*** Begin section ***
(* For a positive integer $d$, the number of primitive $(d,d)$-necklaces is odd if and only if $d$ is squarefree.
   Context: A $(d,d)$-necklace is a circular arrangement of $d$ white and $d$ black beads modulo cyclic rotation; it is primitive if its orbit under rotation has exactly $2d$ elements. *)

From mathcomp Require Import all_boot.
Set Implicit Arguments. Unset Strict Implicit. Unset Printing Implicit Defensive.

Definition word (n : nat) := n.-tuple bool.

Definition necklace_of (n : nat) (w : word n) : {set word n} :=
  [set [tuple of rot i w] | i : 'I_n].

Definition balanced (d : nat) (w : word (2 * d)) : bool := count id w == d.

Definition primitive_necklaces (d : nat) : {set {set word (2 * d)}} :=
  [set necklace_of w | w in [set w : word (2 * d) |
      balanced w && (#|necklace_of w| == 2 * d)]].

Definition squarefree (n : nat) : bool :=
  [forall p : 'I_n.+1, prime p ==> ~~ (p * p %| n)].

From mathcomp Require Import all_boot zify.
Set Implicit Arguments. Unset Strict Implicit. Unset Printing Implicit Defensive.

(** Swapping the colours is an involution on primitive (d,d)-necklaces, so their number has
    the parity of the number F(d) of self-complementary ones.  A primitive necklace is
    self-complementary iff its words w are antiperiodic: rotating w by d complements it.
    There are 2^d antiperiodic words of length 2d; each has minimal period 2e for some e | d
    with d/e odd, and is the repetition of a primitive antiperiodic word of length 2e, whence
      2^d = \sum_(e | d, d/e odd) 2e F(e).
    All these e have the 2-adic valuation a of d, so dividing by 2^(a+1) and reducing mod 2
    shows that an odd number of them have F(e) odd iff d <= 2.  The same count holds with
    "e squarefree" instead: if an odd prime p divides d, multiplying or dividing by p pairs
    the squarefree e off, and if d = 2^a only e = d occurs.  Strong induction on d then
    identifies the parity of F(d) with the squarefreeness of d. *)

Lemma odd_card_involution (T : finType) (S : {set T}) (g : T -> T) :
  {in S, forall x, g x \in S} -> {in S, involutive g} ->
  odd #|S| = odd #|[set x in S | g x == x]|.
Proof.
move=> gS gK; set F := [set x in S | g x == x].
(* The points moved by g pair up as {x, g x}; B keeps the one of smaller rank. *)
pose B := [set x in S | enum_rank x < enum_rank (g x)].
have gB_inj : {in B &, injective g}.
  by move=> x y /setIdP[xS _] /setIdP[yS _] /(congr1 g); rewrite !gK.
rewrite -(cardsID F S) (setIidPr _); last by apply/subsetP => x /setIdP[].
suff -> : S :\: F = B :|: g @: B.
  rewrite cardsU card_in_imset // addnn.
  suff -> : B :&: g @: B = set0 by rewrite cards0 subn0 oddD odd_double addbF.
  apply/setP => x; rewrite !inE; apply/andP => -[/andP[_ lt_xg] /imsetP[y]].
  by move=> /setIdP[yS lt_yg] def_x; rewrite def_x gK // ltnNge ltnW in lt_xg.
apply/setP => x; rewrite !inE; apply/andP/orP => [[gx_x xS] | ].
  case: (ltngtP (enum_rank x) (enum_rank (g x))) => [lt_xg | lt_gx | ].
  - by left; apply/andP.
  - right; apply/imsetP; exists (g x); last by rewrite gK.
    by rewrite inE gS // gK.
  - by move/val_inj/enum_rank_inj => gxE; rewrite -gxE xS eqxx in gx_x.
case=> [/andP[xS lt_xg] | /imsetP[y /setIdP[yS lt_yg] ->]].
  rewrite xS; split=> //; apply: contraTneq lt_xg => ->; by rewrite ltnn.
rewrite (gS _ yS) gK //; split=> //; apply: contraTneq lt_yg => <-; by rewrite ltnn.
Qed.

(** * Periodic and antiperiodic sequences *)

Section Periodic.

Variable T : Type.
Implicit Types (f : nat -> T) (p q : nat).

Definition periodic f p := forall j, f (j + p) = f j.

Lemma periodicM f p k : periodic f p -> periodic f (k * p).
Proof.
by move=> fp; elim: k => [|k IHk] j; rewrite ?addn0 // mulSn addnA IHk fp.
Qed.

Lemma periodic_modE f p j : periodic f p -> f (j %% p) = f j.
Proof. by move=> fp; rewrite {2}(divn_eq j p) addnC periodicM. Qed.

Lemma periodic_mod f p q : periodic f p -> periodic f q -> periodic f (q %% p).
Proof.
move=> fp fq j; rewrite -(periodicM (q %/ p) fp (j + q %% p)) -addnA.
by rewrite [q %% p + _]addnC -divn_eq fq.
Qed.

Lemma periodic_gcd f p q : periodic f p -> periodic f q -> periodic f (gcdn p q).
Proof.
elim/ltn_ind: p q => p IHp q fp fq; have [->|p_gt0] := posnP p; first by rewrite gcd0n.
rewrite gcdnE gtn_eqF //; apply: IHp => //; first exact: ltn_pmod.
exact: periodic_mod.
Qed.

Lemma periodic_shift f n i k : periodic f n -> i <= n -> i <= k ->
  (forall j, f (i + j) = f (k + j)) -> periodic f (k - i).
Proof.
move=> fn le_in le_ik fik j.
have := fik (j + n - i).
have -> : i + (j + n - i) = j + n by lia.
have -> : k + (j + n - i) = j + (k - i) + n by lia.
by rewrite !fn.
Qed.

End Periodic.

Section Antiperiodic.

Implicit Types (f : nat -> bool).

Definition antiperiodic f p := forall j, f (j + p) = ~~ f j.

Lemma antiperiodic_periodic f p : antiperiodic f p -> periodic f (2 * p).
Proof. by move=> fp j; rewrite mul2n -addnn addnA !fp negbK. Qed.

Lemma antiperiodic_not_periodic f p : antiperiodic f p -> ~ periodic f p.
Proof. by move=> fa fp; have := fa 0; rewrite fp; case: (f 0). Qed.

Lemma antiperiodicM_odd f p k : antiperiodic f p -> odd k -> antiperiodic f (k * p).
Proof.
move=> fp k_odd j.
have -> : j + k * p = j + p + k./2 * (2 * p).
  by rewrite -{1}(odd_double_half k) k_odd -mul2n; lia.
by rewrite periodicM ?fp //; apply: antiperiodic_periodic.
Qed.

Lemma antiperiodic_dvd f p q :
  periodic f (2 * p) -> antiperiodic f q -> p %| q -> antiperiodic f p.
Proof.
move=> fp fq /dvdnP[k def_q]; subst q.
have def_k := odd_double_half k; case: (odd k) def_k => /= def_k.
  move=> j; rewrite -fq; have -> : j + k * p = j + p + k./2 * (2 * p) by lia.
  by rewrite periodicM.
case: (antiperiodic_not_periodic fq).
have -> : k * p = k./2 * (2 * p) by lia.
exact: periodicM.
Qed.

End Antiperiodic.

(** * Words and necklaces *)

Section Beads.

Variable n : nat.
Implicit Types w v : word n.

Definition bead w j : bool := nth false w (j %% n).

Lemma bead_mod w j : bead w (j %% n) = bead w j.
Proof. by rewrite /bead modn_mod. Qed.

Lemma bead_periodic w : periodic (bead w) n.
Proof. by move=> j; rewrite /bead modnDr. Qed.

Lemma eq_from_bead w v : bead w =1 bead v -> w = v.
Proof.
move=> eq_wv; apply: eq_from_tnth => i; have := eq_wv i.
by rewrite /bead modn_small // !(tnth_nth false).
Qed.

Lemma bead_rot w i j : i <= n -> bead [tuple of rot i w] j = bead w (i + j).
Proof.
move=> le_in; have [n0|n_gt0] := posnP n.
  by rewrite /bead !nth_default // ?size_rot size_tuple n0.
rewrite /bead -modnDmr /= /rot nth_cat size_drop size_tuple.
have lt_jn : j %% n < n by rewrite ltn_pmod.
case: ltnP => [lt_j_ni | le_ni_j].
  by rewrite nth_drop (@modn_small (i + _)) //; lia.
rewrite nth_take; last by lia.
have -> : i + j %% n = (j %% n - (n - i)) + n by lia.
by rewrite modnDr (@modn_small (_ - _)) //; lia.
Qed.

Lemma bead_mktuple (g : nat -> bool) j :
  0 < n -> bead [tuple g i | i < n] j = g (j %% n).
Proof.
by move=> n_gt0; rewrite /bead -/(nat_of_ord (Ordinal (ltn_pmod j n_gt0))) nth_mktuple.
Qed.

Definition periodicb w p := [forall j : 'I_n, bead w (j + p) == bead w j].

Lemma periodicbP w p : 0 < n -> reflect (periodic (bead w) p) (periodicb w p).
Proof.
move=> n_gt0; apply: (iffP forallP) => [wp j | wp j]; last exact/eqP.
rewrite -bead_mod -modnDml bead_mod -[in RHS]bead_mod.
exact/eqP/(wp (Ordinal (ltn_pmod j n_gt0))).
Qed.

Fact min_period_subproof w : exists p, (0 < p) && periodicb w p.
Proof.
have [n0|n_gt0] := posnP n.
  by exists 1; apply/forallP => -[j]; rewrite n0.
by exists n; rewrite n_gt0; apply/periodicbP/bead_periodic.
Qed.

Definition min_period w := ex_minn (min_period_subproof w).

Lemma min_period_gt0 w : 0 < min_period w.
Proof. by rewrite /min_period; case: ex_minnP => p /andP[]. Qed.

Hypothesis n_gt0 : 0 < n.

Lemma min_period_periodic w : periodic (bead w) (min_period w).
Proof. by rewrite /min_period; case: ex_minnP => p /andP[_ /(periodicbP _ _ n_gt0)]. Qed.

Lemma min_period_leq w p : 0 < p -> periodic (bead w) p -> min_period w <= p.
Proof.
move=> p_gt0 wp; rewrite /min_period; case: ex_minnP => q _; apply.
by rewrite p_gt0; apply/periodicbP.
Qed.

Lemma min_period_dvd w p : periodic (bead w) p -> min_period w %| p.
Proof.
move=> wp; have g_gt0 : 0 < gcdn (min_period w) p by rewrite gcdn_gt0 min_period_gt0.
have le_g := min_period_leq g_gt0 (periodic_gcd (min_period_periodic w) wp).
have -> : min_period w = gcdn (min_period w) p.
  by apply/eqP; rewrite eqn_leq le_g dvdn_leq ?min_period_gt0 ?dvdn_gcdl.
exact: dvdn_gcdr.
Qed.

Lemma mem_necklaceP w v :
  reflect (exists i, forall j, bead v j = bead w (i + j)) (v \in necklace_of w).
Proof.
apply: (iffP imsetP) => [[i _ ->] | [i vw]].
  by exists i => j; rewrite (bead_rot _ _ (ltnW (ltn_ord i))).
exists (Ordinal (ltn_pmod i n_gt0)); first by [].
apply: eq_from_bead => j.
by rewrite (bead_rot _ _ (ltnW (ltn_pmod i n_gt0))) vw -bead_mod -modnDml bead_mod.
Qed.

Lemma mem_necklace_self w : w \in necklace_of w.
Proof. by apply/mem_necklaceP; exists 0. Qed.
*** End section ***
[EXERCISE] Whatever else the listing above holds, retype exactly only the lines from the one containing "rewrite (gS _" to the one containing "Lemma periodic_modE f", both ends kept.

[EXERCISE RESULT]
rewrite (gS _ yS) gK //; split=> //; apply: contraTneq lt_yg => <-; by rewrite ltnn.
Qed.

(** * Periodic and antiperiodic sequences *)

Section Periodic.

Variable T : Type.
Implicit Types (f : nat -> T) (p q : nat).

Definition periodic f p := forall j, f (j + p) = f j.

Lemma periodicM f p k : periodic f p -> periodic f (k * p).
Proof.
by move=> fp; elim: k => [|k IHk] j; rewrite ?addn0 // mulSn addnA IHk fp.
Qed.

Lemma periodic_modE f p j : periodic f p -> f (j %% p) = f j.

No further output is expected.